Daniel Anderson's poems have appeared in Poetry, The New Republic, Raritan, The Southern Review, and other magazines. In 1997, he was winner of the Nicholas Roerich Poetry Prize for his collection January Rain, published by Story Line Press.

Larry Powell earned his Ph.D. at the University of Florida and currently is an associate professor of communication studies at the University of Alabama at Birmingham. His research interests include political communication and baseball. He is the author of Bottom of the Ninth: An Oral History on the Life of Harry "The Hat" Walker, published by Writer's Showcase Press in 2000.

John Shelton Reed, who recently retired from university life, was the William Rand Kenan Jr. Professor of Sociology and the director of the Odum Institute for Research in Social Science at the University of North Carolina at Chapel Hill. Among his recent books is 1001 Things Everyone Should Know About the South, written with his wife, Dale Volberg Reed. He is coeditor of Southern Cultures.
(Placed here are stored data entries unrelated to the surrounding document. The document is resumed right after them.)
(* Expand [f *m u p] and reindex by the involution [(a, c) |-> (a[p := c], a p)]. *)
Lemma Theta_app_at f p (u : 'I_d -> 'cV[k]_n) :
  Theta (app_at f p u) = \sum_a Theta_coef f p a * \prod_j u j (a j) ord0.
Proof.
pose rest a := \prod_(j | j != p) u j (a j) ord0.
have rest_set a c : rest (idx_set a p c) = rest a.
  by apply: eq_bigr => j /negbTE jp; rewrite ffunE jp.
pose F (ac : {ffun 'I_d -> 'I_n} * 'I_n) :=
  (Theta_support ac.1)%:R * f (ac.1 p) ac.2 * u p ac.2 ord0 * rest ac.1.
pose swap (ac : {ffun 'I_d -> 'I_n} * 'I_n) := (idx_set ac.1 p ac.2, ac.1 p).
have swapK : involutive swap by case=> a c; rewrite /swap /= idx_setK idx_set_at.
transitivity (\sum_a \sum_c F (a, c)).
  rewrite /Theta big_mkcond /=; apply: eq_bigr => a _; rewrite /F /Theta_support /=.
  case: ifP => _; last by rewrite big1 // => c _; rewrite !mul0r.
  rewrite (bigD1 p) //= /app_at eqxx mxE big_distrl /=; apply: eq_bigr => c _.
  rewrite mul1r (_ : \prod_(j | j != p) _ = rest a) //.
  by apply: eq_bigr => j jp; rewrite (inj_eq val_inj) (negbTE jp).
have -> : \sum_a \sum_c F (a, c) = \sum_a \sum_c F (swap (a, c)).
  by rewrite !pair_bigA (reindex_inj (inv_inj swapK)); apply: eq_bigr => -[a c].
apply: eq_bigr => a _; rewrite big_distrl (bigD1 p) //=; apply: eq_bigr => c _.
by rewrite /F /swap /= idx_set_at rest_set /rest !mulrA.
Qed.

Definition basis_family a : 'I_d -> 'cV[k]_n := fun j => delta_mx (a j) ord0.

Lemma Theta_app_at_basis f p a :
  Theta (app_at f p (basis_family a)) = Theta_coef f p a.
Proof.
rewrite Theta_app_at (bigD1 a) //= big1 ?mulr1 => [|j _]; last by rewrite mxE !eqxx.
rewrite big1 ?addr0 // => b ba.
have [j bja] : exists j, b j != a j.
  apply/existsP; rewrite -negb_forall; apply: contra ba => /forallP ab.
  by apply/eqP/ffunP => j; apply/eqP.
by rewrite (bigD1 j) //= mxE (negbTE bja) mul0r mulr0.
Qed.
(* Let $d\ge 2$ and let $f(t,s)=s^d+\sum_{i=1}^{d}\binom{x_i}{i}t^{i}s^{d-i}$, where $x_i\ge i-1$ are real numbers with $\binom{x_i}{i}>0$ for all $i$, and suppose $x_d\ge d$. If $f(t,s)$ is Lorentzian, then $x_1\ge x_2\ge\cdots\ge x_d$.
   Context: For real $x$ and integer $k\ge0$, $\binom{x}{k}=\frac{x(x-1)\cdots(x-k+1)}{k!}$. A homogeneous polynomial $p$ of degree $d\ge2$ in variables $z_1,\dots,z_n$ with nonnegative real coefficients is Lorentzian if its support (the set of exponent vectors of monomials with nonzero coefficient) is M-convex, and for every $\alpha\in\mathbb{Z}_{\ge0}^n$ with $|\alpha|=d-2$ the quadratic form $\partial^{\alpha}p$ has at most one positive eigenvalue. (For bivariate $p=\sum_{i=0}^d a_i t^i s^{d-i}$ with $a_i\ge0$, this is equivalent to the sequence $(a_i)$ having no internal zeros and satisfying $\big(a_i/\binom{d}{i}\big)^2\ge \frac{a_{i-1}}{\binom{d}{i-1}}\frac{a_{i+1}}{\binom{d}{i+1}}$ for $1\le i\le d-1$.) *)

From HB Require Import structures.
From mathcomp Require Import all_boot all_order all_algebra.
From mathcomp.multinomials Require Import mpoly.
Set Implicit Arguments. Unset Strict Implicit. Unset Printing Implicit Defensive.
Import Order.TTheory GRing.Theory Num.Theory.
Local Open Scope ring_scope.

Definition rbinom (R : fieldType) (x : R) (k : nat) : R :=
  (\prod_(j < k) (x - j%:R)) / (k`!)%:R.

Definition Mconvex (n : nat) (S : seq 'X_{1..n}) : Prop :=
  forall a b : 'X_{1..n}, a \in S -> b \in S ->
  forall i : 'I_n, (b i < a i)%N ->
  exists2 j : 'I_n, (a j < b j)%N & (a - U_(i) + U_(j))%MM \in S.

(* Symmetric matrix A of a quadratic form q, i.e. q(z) = z^T A z
   (A = Hessian of q divided by 2). *)
Definition qform_matrix (R : fieldType) (n : nat) (q : {mpoly R[n]}) : 'M[R]_n :=
  \matrix_(i < n, j < n) (((q^`M(j))^`M(i))@_0%MM / 2%:R).

(* A (square) matrix has at most one positive eigenvalue, counted with
   multiplicity: there are no two positive eigenvalues l1, l2 (equal or not)
   with (X - l1)(X - l2) dividing the characteristic polynomial. *)
Definition at_most_one_pos_eigenvalue (R : numFieldType) (n : nat)
  (M : 'M[R]_n) : Prop :=
  ~ exists l1 l2 : R, [/\ 0 < l1, 0 < l2 &
      (('X - l1%:P) * ('X - l2%:P) %| char_poly M)%R].

Definition Lorentzian (R : numFieldType) (n d : nat) (p : {mpoly R[n]}) : Prop :=
  [/\ forall m : 'X_{1..n}, 0 <= p@_m,
      forall m : 'X_{1..n}, m \in msupp p -> mdeg m = d,
      Mconvex (msupp p) &
      forall a : 'X_{1..n}, mdeg a = (d - 2)%N ->
        at_most_one_pos_eigenvalue (qform_matrix (p^`M[a]))].

Definition tvar : 'I_2 := @Ordinal 2 0 isT.
Definition svar : 'I_2 := @Ordinal 2 1 isT.

Definition fpoly (R : fieldType) (d : nat) (x : nat -> R) : {mpoly R[2]} :=
  'X_svar ^+ d +
  \sum_(1 <= i < d.+1) rbinom (x i) i *: ('X_tvar ^+ i * 'X_svar ^+ (d - i)).

From HB Require Import structures.
From mathcomp Require Import all_boot all_order all_algebra.
From mathcomp.multinomials Require Import mpoly.
From mathcomp Require Import ring lra zify.
Set Implicit Arguments. Unset Strict Implicit. Unset Printing Implicit Defensive.
Import Order.TTheory GRing.Theory Num.Theory.
Local Open Scope ring_scope.

(* Normalise the coefficients of f as b_j = binom(x_j, j) / binom(d, j), which
   equals prod_(k < j) (x_j - k) / (d - k).  The Hessians of the derivatives
   d_t^k d_s^e f are 2x2 matrices whose determinant conditions say exactly that
   (b_j) is log-concave.  As b_0 = 1 and b_d >= 1 (because x_d >= d), the
   log-concave sequence stays >= 1, and b_i >= 1 forces x_i >= d.  For such x_i
   every factor of b_i is at most q = (x_i - i) / (d - i), so b_i <= q^i; if
   x_(i+1) > x_i then b_(i+1) > q b_i, whence b_i^(i+1) < b_(i+1)^i.  This
   contradicts b_(i+1)^i = b_(i+1)^i b_0 <= b_i^(i+1), again by log-concavity. *)

Section LogConcave.

Variables (R : realFieldType) (b : nat -> R) (n : nat).
Hypothesis b_gt0 : forall j, (j <= n)%N -> 0 < b j.
Hypothesis b_lc : forall j, (0 < j < n)%N -> b j.-1 * b j.+1 <= b j ^+ 2.

Lemma log_concave_ratio j i : (j <= i)%N -> (i < n)%N ->
  b i.+1 * b j <= b i * b j.+1.
Proof.
elim: i => [|i IH] le_ji lt_in.
  by move: le_ji; rewrite leqn0 => /eqP ->; rewrite mulrC.
have [->|ne_ji] := eqVneq j i.+1; first by rewrite mulrC.
have IHi := IH ltac:(lia) ltac:(lia).
have lc := b_lc (j := i.+1) ltac:(lia).
have := b_gt0 (j := i) ltac:(lia); have := b_gt0 (j := i.+1) ltac:(lia).
have := b_gt0 (j := i.+2) ltac:(lia); have := b_gt0 (j := j) ltac:(lia).
have := b_gt0 (j := j.+1) ltac:(lia).
move: lc IHi => /=; nra.
Qed.

Lemma log_concave_pow i m : (m <= i)%N -> (i < n)%N ->
  b i.+1 ^+ m * b (i - m) <= b i ^+ m.+1.
Proof.
move=> + lt_in; elim: m => [|m IH] le_mi.
  by rewrite expr0 mul1r subn0 expr1.
have := log_concave_ratio (j := (i - m.+1)) (i := i) ltac:(lia) lt_in.
rewrite (_ : (i - m.+1).+1 = i - m)%N; last by lia.
have IHm := IH ltac:(lia).
have := b_gt0 (j := i.+1) ltac:(lia); have := b_gt0 (j := i) ltac:(lia).
have : 0 <= b i.+1 ^+ m by rewrite exprn_ge0 // ltW // b_gt0.
rewrite [b i.+1 ^+ m.+1]exprS [b i ^+ m.+2]exprS.
move: IHm; set P := b i.+1 ^+ m; set Q := b i ^+ m.+1; nra.
Qed.

(* A positive log-concave sequence is monotone on each side of any step,
   so it dominates the smaller of its two end values. *)
Lemma log_concave_ge1 i : 1 <= b 0 -> 1 <= b n -> (i <= n)%N -> 1 <= b i.
Proof.
move=> b0 bn; case: i => [//|i] le_in.
have [le_i|lt_i] := leP (b i) (b i.+1).
  suff nondecr m : (m <= i.+1)%N -> 1 <= b m by exact: nondecr.
  elim: m => [//|m IH] le_mi; apply: le_trans (IH (ltnW le_mi)) _.
  have := log_concave_ratio (j := m) (i := i) ltac:(lia) ltac:(lia).
  have := b_gt0 (j := m) ltac:(lia); have := b_gt0 (j := i) ltac:(lia); nra.
suff nonincr m : (i.+1 + m <= n)%N -> b (i.+1 + m) <= b i.+1.
  by apply: le_trans bn _; have := nonincr (n - i.+1)%N; rewrite subnKC //; apply.
elim: m => [|m IH] le_mn; first by rewrite addn0.
apply: le_trans (IH ltac:(lia)).
have := log_concave_ratio (j := i) (i := (i.+1 + m)) ltac:(lia) ltac:(lia); rewrite addnS.
have := b_gt0 (j := i) ltac:(lia); have := b_gt0 (j := (i.+1 + m)) ltac:(lia); nra.
Qed.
Jerry Rodnitzky was educated at the Universities of Chicago and Illinois and currently is professor of history at the University of Texas at Arlington. He is the author of Minstrels of the Dawn: The Folk-Protest Singer as a Cultural Hero and Feminist Phoenix: The Rise and Fall of a Feminist Counterculture and coauthor of Jazz-Age Boomtown.

Thomas A. Tweed is Zachary Smith Distinguished Professor of Religious Studies and Associate Dean of the College of Arts and Science, at the University of North Carolina at Chapel Hill. He is the author or editor of five books, including Our Lady of the Exile: Diasporic Religion at a Cuban Catholic Shrine in Miami, which won the American Academy of Religion's 1998 Award for Excellence.

Harry L. Watson is professor of history at the University of North Carolina at Chapel Hill and director of UNC's Center for the Study of the American South. His publications include Liberty and Power: The Politics of Jacksonian America, published by Hill & Wang in 1990. He also is coeditor of Southern Cultures.

Trent Watts received a Ph.D. in U.S. history from the University of Chicago and currently teaches history at James Madison University. A native Mississippian, he wrote the foreword to the University of Georgia Press's 1996 reissue of John Faulkner's novel of depression-era Mississippi, Men Working. His grandparents took him to the Neshoba County Fair for the first time when he was five years old.

Stephen J. Whitfield holds the Max Richter Chair in American Civilization at Brandeis University, where he has taught since 1972. He also has served as a visiting professor at the Hebrew University of Jerusalem, the Catholic University of Leuven and Louvain-la-Neuve in Belgium, and the Sorbonne. His publications include A Death in the Delta: The Story of Emmett Till and In Search of American Jewish Culture.